My advisor, Dr. Matt McLain, and one of his undergraduate students joined me during my first few days in Wyoming. We arrived at Hanson Ranch Research Station welcomed by scientists, teachers, families, and volunteers. Southwestern Adventist University runs the Dino Dig project and had set up a fantastic camp to live at for the next few weeks—trailers containing kitchens and bathrooms, wind-resistant tents to withstand Wyoming’s weather, and a fellowship area for worship and meal times. Each day, four teams took turns cooking, cleaning, and leading worship.
The Quarries: Digging for Dinosaurs
Several quarries exist at Hanson Ranch, each with its own characteristics. The main quarries are a mile from camp, where most volunteers start their work.
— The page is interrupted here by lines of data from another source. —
(** * Efficiency dominance orders the quadratic forms *)

Section Irreducible.
Variables (R : realType) (n : nat) (P : 'M[R]_n).
Hypotheses (P_trans : is_transition P) (P_irr : irreducible P).

Lemma harmonic_const (v : 'I_n -> R) : markov_op P v = v -> forall x y, v x = v y.
Proof.
move=> v_fix.
have v_fixk k : markov_op (P ^+ k) v = v.
  by elim: k => [|k IH]; rewrite ?expr0 ?markov_op1 // markov_op_exprS IH.
suff v_max x0 : (forall i, v i <= v x0) -> forall y, v y = v x0.
  move=> x y; case: (@Order.TotalTheory.arg_maxP _ _ _ x xpredT v isT) => x0 _ x0_max.
  by rewrite !(v_max x0) // => i; apply: x0_max.
move=> x0_max y; have [k Pk_pos] := P_irr x0 y.
have [Pk_ge0 Pk_sum] := is_transition_expr k P_trans.
have sum0 : \sum_z (P ^+ k) x0 z * (v x0 - v z) = 0.
  under eq_bigr do rewrite mulrBr.
  rewrite sumrB -mulr_suml Pk_sum mul1r.
  by have := congr1 (fun g => g x0) (v_fixk k); rewrite /markov_op => ->; rewrite subrr.
have terms_ge0 z : true -> 0 <= (P ^+ k) x0 z * (v x0 - v z).
  by move=> _; rewrite mulr_ge0 ?subr_ge0.
move: (psumr_eq0P terms_ge0 sum0 (i := y) isT) => /eqP.
by rewrite mulf_eq0 subr_eq0 (gt_eqF Pk_pos) /= => /eqP.
Qed.

End Irreducible.

Section PoissonSolvable.
Variables (R : realType) (n : nat) (pi : 'I_n -> R) (P : 'M[R]_n).
Hypotheses (pi_dist : is_distribution pi) (P_trans : is_transition P).
Hypotheses (P_rev : reversible pi P) (P_irr : irreducible P).

Lemma mul_row_generatorE (w : 'rV[R]_n) x :
  (w *m (1%:M - P)^T) 0 x = w 0 x - markov_op P (fun y => w 0 y) x.
Proof.
rewrite mxE; under eq_bigr => y _ do rewrite !mxE mulrBr.
rewrite sumrB (bigD1 x) //= big1 => [|y /negbTE yx]; last by rewrite eq_sym yx mulr0.
by rewrite eqxx mulr1 addr0; congr (_ - _); apply: eq_bigr => y _; rewrite mulrC.
Qed.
The main quarries contain muddy sediment and thousands of well-preserved hadrosaur bones from a mass burial!1, 2 Outer quarries, such as Ivarrest Quarry, require some extra travel by hiking or driving an ATV. Ivarrest’s fossil layer is composed of muddy sand with iron concretions. You can expect to find handfuls of fossils at a time in the bonebed. The bones, many from turtles and triceratops, are fragmentary and many show signs of abrasion.
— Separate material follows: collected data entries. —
(* Let $\mathcal M=(\mathbf M^{(\lambda)})_{\lambda>0}$ be a weight matrix on $\mathbb N_0^d$. (i) If for every $\lambda>0$ there exist $\kappa\ge\lambda$ and $A\ge1$ with $M^{(\lambda)}_{\alpha+e_j}\le A^{|\alpha|+1}M^{(\kappa)}_\alpha$ for all $\alpha\in\mathbb N_0^d$, $1\le j\le d$, then for every $\lambda>0$ there exist $\kappa\ge\lambda$ and $B_1,B_2\ge1$ such that for all $t\in\mathbb R^d$ $$(1+|t|)^{2(d+1)}\exp\omega_{\mathbf M^{(\kappa)}}(t)\le B_1\exp\omega_{\mathbf M^{(\lambda)}}(B_2t).$$ (ii) If for every $\lambda>0$ there exist $0<\kappa\le\lambda$ and $A\ge1$ with $M^{(\kappa)}_{\alpha+e_j}\le A^{|\alpha|+1}M^{(\lambda)}_\alpha$ for all $\alpha\in\mathbb N_0^d$, $1\le j\le d$, then for every $\lambda>0$ there exist $0<\kappa\le\lambda$ and $B_1,B_2\ge1$ such that for all $t\in\mathbb R^d$ $$(1+|t|)^{2(d+1)}\exp\omega_{\mathbf M^{(\lambda)}}(t)\le B_1\exp\omega_{\mathbf M^{(\kappa)}}(B_2t).$$
   Context: A weight matrix is a family $\mathcal M=(\mathbf M^{(\lambda)})_{\lambda>0}$ with $\mathbf M^{(\lambda)}=(M^{(\lambda)}_\alpha)_{\alpha\in\mathbb N_0^d}$ sequences of positive reals, $M^{(\lambda)}_0=1$, and $M^{(\lambda)}_\alpha\le M^{(\kappa)}_\alpha$ for all $\alpha$ whenever $0<\lambda\le\kappa$. $e_j$ is the $j$-th unit vector, $|\alpha|=\sum\alpha_j$, $|t|$ the Euclidean norm. The associated weight function of $\mathbf M=(M_\alpha)$ is $\omega_{\mathbf M}(t)=\sup_{\alpha\in\mathbb N^d_{0,t}}\log\frac{|t^\alpha|}{M_\alpha}$ ($t\in\mathbb R^d$, possibly $+\infty$), where $\mathbb N^d_{0,t}=\{\alpha:\alpha_j=0\text{ whenever }t_j=0\}$ and $0^0:=1$. *)

From HB Require Import structures.
From mathcomp Require Import all_boot all_order all_algebra.
From mathcomp Require Import all_classical all_reals all_analysis.
Set Implicit Arguments. Unset Strict Implicit. Unset Printing Implicit Defensive.
Import Order.TTheory GRing.Theory Num.Theory.
Local Open Scope ring_scope.
Local Open Scope classical_set_scope.

Definition mindex (d : nat) := 'I_d -> nat.

Definition mlen (d : nat) (a : mindex d) : nat := (\sum_(i < d) a i)%N.

Definition maddunit (d : nat) (a : mindex d) (j : 'I_d) : mindex d :=
  fun i => (a i + (i == j))%N.

Definition mzero (d : nat) : mindex d := fun _ => 0%N.

(* t^alpha = prod_j t_j^{alpha_j}, with 0^0 = 1 *)
Definition mpow (R : realType) (d : nat) (t : 'I_d -> R) (a : mindex d) : R :=
  \prod_(i < d) t i ^+ a i.

Definition enorm (R : realType) (d : nat) (t : 'I_d -> R) : R :=
  Num.sqrt (\sum_(i < d) t i ^+ 2).

Definition Nd0 (R : realType) (d : nat) (t : 'I_d -> R) : set (mindex d) :=
  [set a | forall j, t j = 0 -> a j = 0%N].

Definition omegaM (R : realType) (d : nat) (M : mindex d -> R) (t : 'I_d -> R)
  : \bar R :=
  ereal_sup [set (ln (`|mpow t a| / M a))%:E | a in Nd0 t].

(* Represented as a
   function R -> mindex d -> R whose values at lambda <= 0 are irrelevant. *)
Definition weight_matrix (R : realType) (d : nat) (M : R -> mindex d -> R) : Prop :=
  [/\ forall lam a, 0 < lam -> 0 < M lam a,
      forall lam, 0 < lam -> M lam (@mzero d) = 1
    & forall lam kap a, 0 < lam -> lam <= kap -> M lam a <= M kap a].

From HB Require Import structures.
From mathcomp Require Import all_boot all_order all_algebra.
From mathcomp Require Import all_classical all_reals all_analysis.
From mathcomp Require Import ring lra zify.
Import Order.TTheory GRing.Theory Num.Theory.
Set Implicit Arguments. Unset Strict Implicit. Unset Printing Implicit Defensive.
Local Open Scope ring_scope.

(* Iterating the shift condition N = 2(d+1) times gives, in case (i),
   M^(lam)_{a + N e_j} <= A^(N(|a|+N)) M^(kap)_a (case (ii) is symmetric), and the
   factor A^(N(|a|+N)) is absorbed by the dilation t -> A^N t.  Given t and a, let
   K = max(1, max_j |t_j|), so that 1 + |t| <= (d+1) K.  If K = 1, the index a itself
   bounds (1+|t|)^N |t^a| / M^(kap)_a since M^(lam) <= M^(kap); otherwise, for j with
   |t_j| = K, the index a + N e_j absorbs the extra factor K^N.  Taking suprema gives
   B1 = (d+1)^N and B2 = A^N. *)

Section MultiIndex.
Variable d : nat.

Definition maddunitn (a : mindex d) (j : 'I_d) (n : nat) : mindex d :=
  fun i => (a i + (i == j) * n)%N.

Lemma maddunitn0 (a : mindex d) j : maddunitn a j 0 = a.
Proof. by apply: funext => i; rewrite /maddunitn muln0 addn0. Qed.

Lemma maddunitn1 (a : mindex d) j : maddunitn a j 1 = maddunit a j.
Proof. by apply: funext => i; rewrite /maddunitn /maddunit muln1. Qed.

Lemma maddunitnD (a : mindex d) j m n :
  maddunitn (maddunitn a j n) j m = maddunitn a j (m + n).
Proof. by apply: funext => i; rewrite /maddunitn -addnA -mulnDr [(n + m)%N]addnC. Qed.

Lemma mlen_maddunitn (a : mindex d) j n : mlen (maddunitn a j n) = (mlen a + n)%N.
Proof.
rewrite /mlen /maddunitn big_split /=; congr (_ + _)%N.
by rewrite (bigD1 j) //= eqxx mul1n big1 ?addn0 // => i /negbTE ->.
Qed.

Variable R : realType.

Lemma mpow_maddunitn (t : 'I_d -> R) (a : mindex d) j n :
  mpow t (maddunitn a j n) = mpow t a * t j ^+ n.
Proof.
rewrite /mpow /maddunitn; under eq_bigr do rewrite exprD.
rewrite big_split /=; congr (_ * _).
by rewrite (bigD1 j) //= eqxx mul1n big1 ?mulr1 // => i /negbTE ->; rewrite mul0n.
Qed.

Lemma mpowZ (c : R) (t : 'I_d -> R) (a : mindex d) :
  mpow (fun i => c * t i) a = c ^+ mlen a * mpow t a.
Proof.
rewrite /mpow /mlen; under eq_bigr do rewrite exprMn.
by rewrite big_split /= prodrXr.
Qed.

Lemma Nd0Z (c : R) (t : 'I_d -> R) : c != 0 -> Nd0 (fun i => c * t i) = Nd0 t.
Proof.
move=> c0; rewrite predeqE => a; split => Ha j tj; apply: Ha.
  by rewrite tj mulr0.
by move/eqP: tj; rewrite mulf_eq0 (negbTE c0) => /eqP.
Qed.

Lemma normr_mpow_gt0 (t : 'I_d -> R) (a : mindex d) : Nd0 t a -> 0 < `|mpow t a|.
Proof.
move=> Ha; rewrite normr_gt0; apply/prodf_neq0 => i _.
by have [/Ha ->|ti0] := eqVneq (t i) 0; rewrite ?expr0 ?oner_neq0 ?expf_neq0.
Qed.

Lemma enorm_le (t : 'I_d -> R) (K : R) :
  0 <= K -> (forall i, `|t i| <= K) -> enorm t <= d%:R * K.
Proof.
move=> K0 tK; rewrite -[d%:R * K]ger0_norm ?mulr_ge0 // -sqrtr_sqr.
apply: ler_wsqrtr; apply: (@le_trans _ _ (\sum_(i < d) K ^+ 2)).
  by apply: ler_sum => i _; rewrite -real_normK ?num_real // lerXn2r ?nnegrE.
rewrite sumr_const card_ord -[_ *+ d]mulr_natr exprMn mulrC ler_wpM2r ?sqr_ge0 //.
by rewrite -natrX ler_nat; nia.
Qed.

Lemma add1_enorm_le (t : 'I_d -> R) (K : R) :
  1 <= K -> (forall i, `|t i| <= K) -> 1 + enorm t <= d.+1%:R * K.
Proof.
move=> K1 /(enorm_le (le_trans ler01 K1)) tK.
by rewrite -addn1 natrD mulrDl mul1r addrC lerD.
Qed.

End MultiIndex.

Section ShiftBounded.
Variables (R : realType) (d : nat).

Definition shift_bounded (n : nat) (A : R) (M1 M2 : mindex d -> R) :=
  forall a j, M1 (maddunitn a j n) <= A ^+ (n * (mlen a + n)) * M2 a.

Lemma shift_bounded0 (M : mindex d -> R) : shift_bounded 0 1 M M.
Proof. by move=> a j; rewrite maddunitn0 expr1n mul1r. Qed.

Lemma shift_bounded1 (A : R) (M1 M2 : mindex d -> R) :
  (forall a j, M1 (maddunit a j) <= A ^+ (mlen a).+1 * M2 a) ->
  shift_bounded 1 A M1 M2.
Proof. by move=> HA a j; rewrite maddunitn1 mul1n addn1. Qed.

Lemma shift_bounded_trans m n (A B : R) (M1 M2 M3 : mindex d -> R) :
  1 <= A -> 1 <= B -> (forall a, 0 <= M3 a) ->
  shift_bounded m A M1 M2 -> shift_bounded n B M2 M3 ->
  shift_bounded (m + n) (Num.max A B) M1 M3.
Proof.
move=> A1 B1 M3ge0 HA HB a j; set C := Num.max A B.
have C1 : 1 <= C by rewrite le_max A1.
rewrite -maddunitnD; apply: (le_trans (HA _ _)); rewrite mlen_maddunitn.
apply: le_trans (ler_wpM2l (exprn_ge0 _ (le_trans ler01 A1)) (HB a j)) _.
rewrite mulrA ler_wpM2r //.
have CA : A <= C by rewrite le_max lexx.
have CB : B <= C by rewrite le_max lexx orbT.
apply: (@le_trans _ _ (C ^+ (m * (mlen a + n + m)) * C ^+ (n * (mlen a + n)))).
  by apply: ler_pM; rewrite ?exprn_ge0 ?lerXn2r ?nnegrE //; lra.
by rewrite -exprD ler_weXn2l //; nia.
Qed.
End ShiftBounded.

Section Ratio.
Variables (R : realType) (d : nat).
Implicit Types (M : mindex d -> R) (t s : 'I_d -> R) (a b : mindex d).

Definition mratio M t a : R := `|mpow t a| / M a.

Lemma mratio_gt0 M t a : 0 < M a -> Nd0 t a -> 0 < mratio M t a.
Proof. by move=> Ma /normr_mpow_gt0 ta; rewrite divr_gt0. Qed.

Lemma mratio_scale_le M1 M2 (c : R) t a :
  1 <= c -> 0 < M2 a -> M2 a <= M1 a ->
  mratio M1 t a <= mratio M2 (fun i => c * t i) a.
Proof.
move=> c1 M2a M21; rewrite /mratio mpowZ normrM normrX ger0_norm; last lra.
have M1a : 0 < M1 a by exact: lt_le_trans M21.
apply: ler_pM => //; first by rewrite invr_ge0 ltW.
  by rewrite ler_peMl ?exprn_ege1.
by rewrite lef_pV2 ?posrE.
Qed.

Lemma mratio_maddunitn_ge n (A : R) M1 M2 t a j :
  1 <= A -> 0 < M1 a -> 0 < M2 (maddunitn a j n) -> shift_bounded n A M2 M1 ->
  `|t j| ^+ n * mratio M1 t a <= mratio M2 (fun i => A ^+ n * t i) (maddunitn a j n).
Proof.
move=> A1 M1a M2b HA; set An := A ^+ (n * (mlen a + n)).
have An0 : 0 < An by rewrite exprn_gt0 //; lra.
rewrite /mratio mpowZ mpow_maddunitn mlen_maddunitn -exprM -/An.
rewrite normrM (ger0_norm (ltW An0)) ler_pdivlMr //.
apply: le_trans (ler_wpM2l _ (HA a j)) _.
  by rewrite mulr_ge0 ?exprn_ge0 // divr_ge0 // ltW.
rewrite normrM normrX le_eqVlt; apply/orP; left; apply/eqP.
rewrite -/An; move: (`|t j| ^+ n) (`|mpow t a|) => x p.
by field; rewrite gt_eqF.
Qed.

Lemma mratio_shift_dominated n (A : R) M1 M2 t a :
  (forall b, 0 < M2 b) -> (forall b, M2 b <= M1 b) -> 1 <= A ->
  shift_bounded n A M2 M1 -> Nd0 t a ->
  exists2 b, Nd0 t b &
    (1 + enorm t) ^+ n * mratio M1 t a <= d.+1%:R ^+ n * mratio M2 (fun i => A ^+ n * t i) b.
Proof.
move=> M2pos M21 A1 HA Ha; have M1pos b : 0 < M1 b := lt_le_trans (M2pos b) (M21 b).
have [K [b [K1 tK Hb Hab]]] : exists K b, [/\ 1 <= K, forall i, `|t i| <= K, Nd0 t b &
    K ^+ n * mratio M1 t a <= mratio M2 (fun i => A ^+ n * t i) b].
  have [small|/existsNP [i /negP]] := pselect (forall i, `|t i| <= 1).
    exists 1, a; split => //; rewrite expr1n mul1r.
    exact/mratio_scale_le/M21/M2pos/exprn_ege1.
  rewrite -ltNge => ti1.
  have [j _ tj] := arg_maxP (fun k => `|t k|) (isT : predT i).
  have tj1 : 1 < `|t j| := lt_le_trans ti1 (tj i isT).
  exists `|t j|, (maddunitn a j n); split; [exact: ltW | by move=> k; exact: tj | |].
    move=> k tk; rewrite /maddunitn (Ha k tk); case: eqP => // kj.
    by move: tj1; rewrite -kj tk normr0 ltr10.
  exact: mratio_maddunitn_ge.
exists b => //; apply: le_trans (ler_wpM2l (exprn_ge0 _ (ler0n _ _)) Hab).
rewrite [X in _ <= X]mulrA -exprMn ler_wpM2r ?lerXn2r ?nnegrE ?add1_enorm_le //.
- exact/ltW/mratio_gt0.
- by rewrite addr_ge0 ?sqrtr_ge0.
- by rewrite mulr_ge0 //; lra.
Qed.

Lemma expeR_omegaM_le M1 M2 t s (c C : R) :
  0 < c -> 0 < C -> (forall a, 0 < M1 a) -> (forall b, 0 < M2 b) ->
  (forall a, Nd0 t a -> exists2 b, Nd0 s b & c * mratio M1 t a <= C * mratio M2 s b) ->
  (c%:E * expeR (omegaM M1 t) <= C%:E * expeR (omegaM M2 s))%E.
Proof.
move=> c0 C0 M1pos M2pos Hab.
have Cc0 : 0 < C / c by rewrite divr_gt0.
have omega_le : (omegaM M1 t <= (ln (C / c))%:E + omegaM M2 s)%E.
  apply: ge_ereal_sup => _ [a Ha <-]; have [b Hb le_ab] := Hab a Ha.
  have ra := mratio_gt0 (M1pos a) Ha; have rb := mratio_gt0 (M2pos b) Hb.
  apply: (@le_trans _ _ ((ln (C / c))%:E + (ln (mratio M2 s b))%:E)%E).
    rewrite -EFinD lee_fin -lnM // ler_ln ?posrE ?(mulr_gt0 Cc0 rb) //.
    by rewrite mulrAC ler_pdivlMr // mulrC.
  by apply: leeD2l; apply: ereal_sup_ubound; exists b.
apply: (@le_trans _ _ (c%:E * expeR ((ln (C / c))%:E + omegaM M2 s))%E).
  by rewrite lee_pmul2l ?lte_fin // lee_expeR.
by rewrite expeRD muleA -EFinM lnK ?posrE // mulrC divfK ?gt_eqF.
Qed.

Lemma expeR_omegaM_shift n (A : R) M1 M2 t :
  (forall b, 0 < M2 b) -> (forall b, M2 b <= M1 b) -> 1 <= A ->
  shift_bounded n A M2 M1 ->
  (((1 + enorm t) ^+ n)%:E * expeR (omegaM M1 t)
    <= (d.+1%:R ^+ n)%:E * expeR (omegaM M2 (fun i => (A ^+ n * t i)%R)))%E.
Proof.
move=> M2pos M21 A1 HA; apply: expeR_omegaM_le => //.
- by rewrite exprn_gt0 // ltr_wpDr ?sqrtr_ge0.
- by move=> b; exact: lt_le_trans (M2pos b) (M21 b).
move=> a Ha; have [b Hb le_ab] := mratio_shift_dominated M2pos M21 A1 HA Ha.
by exists b; rewrite // Nd0Z // gt_eqF // exprn_gt0 //; lra.
Qed.

End Ratio.

Section WeightMatrix.
Variables (R : realType) (d : nat) (M : R -> mindex d -> R).
Hypothesis WM : weight_matrix M.

Lemma weight_matrix_shift_up :
  (forall lam, 0 < lam -> exists kap A : R, lam <= kap /\ 1 <= A /\
      forall a j, M lam (maddunit a j) <= A ^+ (mlen a).+1 * M kap a) ->
  forall n lam, 0 < lam ->
    exists kap A : R, lam <= kap /\ 1 <= A /\ shift_bounded n A (M lam) (M kap).
Proof.
have [Mpos _ _] := WM; move=> Hstep; elim=> [|n IHn] lam lam0.
  by exists lam, 1; do !split => //; exact: shift_bounded0.
have [lam' [A [ll' [A1 /shift_bounded1 HA]]]] := Hstep lam lam0.
have [kap [B [l'k [B1 HB]]]] := IHn lam' (lt_le_trans lam0 ll').
exists kap, (Num.max A B); do !split; first exact: le_trans l'k.
  by rewrite le_max A1.
rewrite -add1n; apply: shift_bounded_trans HA HB => // a.
by rewrite ltW // Mpos // (lt_le_trans lam0) // (le_trans ll').
Qed.

Lemma weight_matrix_shift_down :
  (forall lam, 0 < lam -> exists kap A : R, 0 < kap /\ kap <= lam /\ 1 <= A /\
      forall a j, M kap (maddunit a j) <= A ^+ (mlen a).+1 * M lam a) ->
  forall n lam, 0 < lam ->
    exists kap A : R, 0 < kap /\ kap <= lam /\ 1 <= A /\ shift_bounded n A (M kap) (M lam).
Proof.
have [Mpos _ _] := WM; move=> Hstep; elim=> [|n IHn] lam lam0.
  by exists lam, 1; do !split => //; exact: shift_bounded0.
have [lam' [B [lam'0 [l'l [B1 HB]]]]] := IHn lam lam0.
have [kap [A [kap0 [kl' [A1 /shift_bounded1 HA]]]]] := Hstep lam' lam'0.
exists kap, (Num.max A B); do !split => //; first exact: le_trans l'l.
  by rewrite le_max A1.
rewrite -add1n; apply: shift_bounded_trans HA HB => // a.
by rewrite ltW // Mpos.
Qed.

End WeightMatrix.

Theorem lemma3p2 (R : realType) (d : nat) (M : R -> mindex d -> R) :
  weight_matrix M ->
  ((forall lam, 0 < lam -> exists kap A : R, lam <= kap /\ 1 <= A /\
      forall (a : mindex d) (j : 'I_d),
        M lam (maddunit a j) <= A ^+ (mlen a).+1 * M kap a) ->
   forall lam, 0 < lam -> exists kap B1 B2 : R, lam <= kap /\ 1 <= B1 /\ 1 <= B2 /\
      forall t : 'I_d -> R,
        (((1 + enorm t) ^+ (2 * d.+1))%:E * expeR (omegaM (M kap) t)
          <= B1%:E * expeR (omegaM (M lam) (fun i => (B2 * t i)%R)))%E)
  /\
  ((forall lam, 0 < lam -> exists kap A : R, 0 < kap /\ kap <= lam /\ 1 <= A /\
      forall (a : mindex d) (j : 'I_d),
        M kap (maddunit a j) <= A ^+ (mlen a).+1 * M lam a) ->
   forall lam, 0 < lam -> exists kap B1 B2 : R, 0 < kap /\ kap <= lam /\ 1 <= B1 /\ 1 <= B2 /\
      forall t : 'I_d -> R,
        (((1 + enorm t) ^+ (2 * d.+1))%:E * expeR (omegaM (M lam) t)
          <= B1%:E * expeR (omegaM (M kap) (fun i => (B2 * t i)%R)))%E).
Proof.
move=> WM; have [Mpos _ Mmono] := WM; set N := (2 * d.+1)%N.
have B1_ge1 : 1 <= (d.+1%:R : R) ^+ N by rewrite exprn_ege1 // ler1n.
split=> [Hstep lam lam0 | Hstep lam lam0].
  have [kap [A [lk [A1 HA]]]] := weight_matrix_shift_up WM Hstep N lam0.
  exists kap, (d.+1%:R ^+ N), (A ^+ N); do !split => //; first exact: exprn_ege1.
  by move=> t; apply: expeR_omegaM_shift => // b; [exact: Mpos | exact: Mmono].
have [kap [A [kap0 [kl [A1 HA]]]]] := weight_matrix_shift_down WM Hstep N lam0.
exists kap, (d.+1%:R ^+ N), (A ^+ N); do !split => //; first exact: exprn_ege1.
by move=> t; apply: expeR_omegaM_shift => // b; [exact: Mpos | exact: Mmono].
Qed.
Setting up the quarry for a new season was an exciting feat as I looked out at the distant hoodoos a mile ahead. The adventure of getting to the site would occasionally involve an ATV, but usually we trekked into a valley, crossed a barbed wire fence with a makeshift, rock staircase, and hiked over a hill towards Ivarrest Quarry. Thankfully, a few team members from the base brought us tarps, a canopy for shade, kneeling pads, shovels, buckets, and ropes via the ATV.
Learning the Ropes
My instructors started the first day by showing me how to identify bone fragments and turtle scutes that had been eroded since the last dig season. At first I was intimidated, but felt a wave of encouragement when Dr. Snyder sat me down and said, “Noel, what is this?” I responded, “Uh…a rock?” to which he graciously replied, “Nope, that’s a turtle scute. We’ll keep that.” He repeated this lesson several times over, pointing to a piece of “something” on the ground, challenging me to identify it, and training my eye to recognize obscure fossils. At times, it is surprisingly difficult to tell the difference between a rock and a bone!
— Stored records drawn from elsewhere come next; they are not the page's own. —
(* Let $n\ge2$, $T_j>0$, and let $\vec w_j^*=\vec w_j^{(1,T_j)}$ be the winner-take-all prize structure, with $w^*_{j,1}=T_j$ and all other prizes $0$. Let $\vec w_j'$ be any prize structure with $w'_{j,1}\ge\dots\ge w'_{j,n}\ge0$ and $\sum_kw'_{j,k}\le T_j$. Then $x_{\vec w_j^*}$ single-crossing-dominates $x_{\vec w_j'}$.
   Context: Interim allocation function. For a prize structure $\vec w=(w_1,\dots,w_n)$, $x_{\vec w}(\phi):=\sum_{k=1}^n w_k\binom{n-1}{k-1}\phi^{k-1}(1-\phi)^{n-k}$ on $[0,1]$. In particular $x_{\vec w_j^*}(\phi)=T_j(1-\phi)^{n-1}$. Single-crossing. For functions $f,g$ on $[0,1]$, $f$ is single-crossing with respect to $g$ if there is $\phi_0\in[0,1]$ with $f\ge g$ on $[0,\phi_0)$ and $f\le g$ on $(\phi_0,1]$. Single-crossing dominance. An interim allocation function $x$ single-crossing-dominates $\tilde x$ if all of the following hold: 1. $\int_0^1x\ge\int_0^1\tilde x$; 2. $x$ is single-crossing with respect to $\tilde x$; 3. $-x'$ is single-crossing with respect to $-\tilde x'$. *)

From Stdlib Require Import Reals.
From Coquelicot Require Import Coquelicot.
Open Scope R_scope.

(* A prize structure w = (w_1,...,w_n) is a function nat -> R; only the
   indices 1..n are used. *)

Definition interim (n : nat) (w : nat -> R) (phi : R) : R :=
  sum_n_m (fun k => w k * Binomial.C (n - 1) (k - 1)
                     * phi ^ (k - 1) * (1 - phi) ^ (n - k)) 1 n.

Definition winner_take_all (T : R) : nat -> R :=
  fun k => if Nat.eqb k 1 then T else 0.

Definition single_crossing (f g : R -> R) : Prop :=
  exists phi0, 0 <= phi0 <= 1 /\
    (forall phi, 0 <= phi < phi0 -> f phi >= g phi) /\
    (forall phi, phi0 < phi <= 1 -> f phi <= g phi).

Definition sc_dominates (x xt : R -> R) : Prop :=
  RInt x 0 1 >= RInt xt 0 1 /\
  single_crossing x xt /\
  single_crossing (fun phi => - Derive x phi) (fun phi => - Derive xt phi).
Dr. Snyder and Dr. McLain showed me how to dig, looking for tiny fragments of fossil and listening for the “clink!” of bone against the scrapers. I didn’t realize how my ears were going to be a helpful tool for this job!
And so we began to dig…and dig and dig and dig. The hard work, sweat, and sore knees were worth it as we uncovered fossils. One of the first days, our friend Emily found a triceratops scapula cemented to a turtle skull! We found a ton of turtle material along with a few T. rex and triceratops teeth, crocodilian scutes, and theropod bones. Mostly, we found hundreds of small, abraded bone fragments.
Recording the Finds
We left each discovery in its original position until we obtained GPS coordinates with extreme precision (within 3 centimeters). Additionally, each excavator uses a field notebook to record measurements and sketches of every find. Every fragment, bone, tooth, sketch, and coordinate will all be useful as I construct a taphonomic model for the bonebed.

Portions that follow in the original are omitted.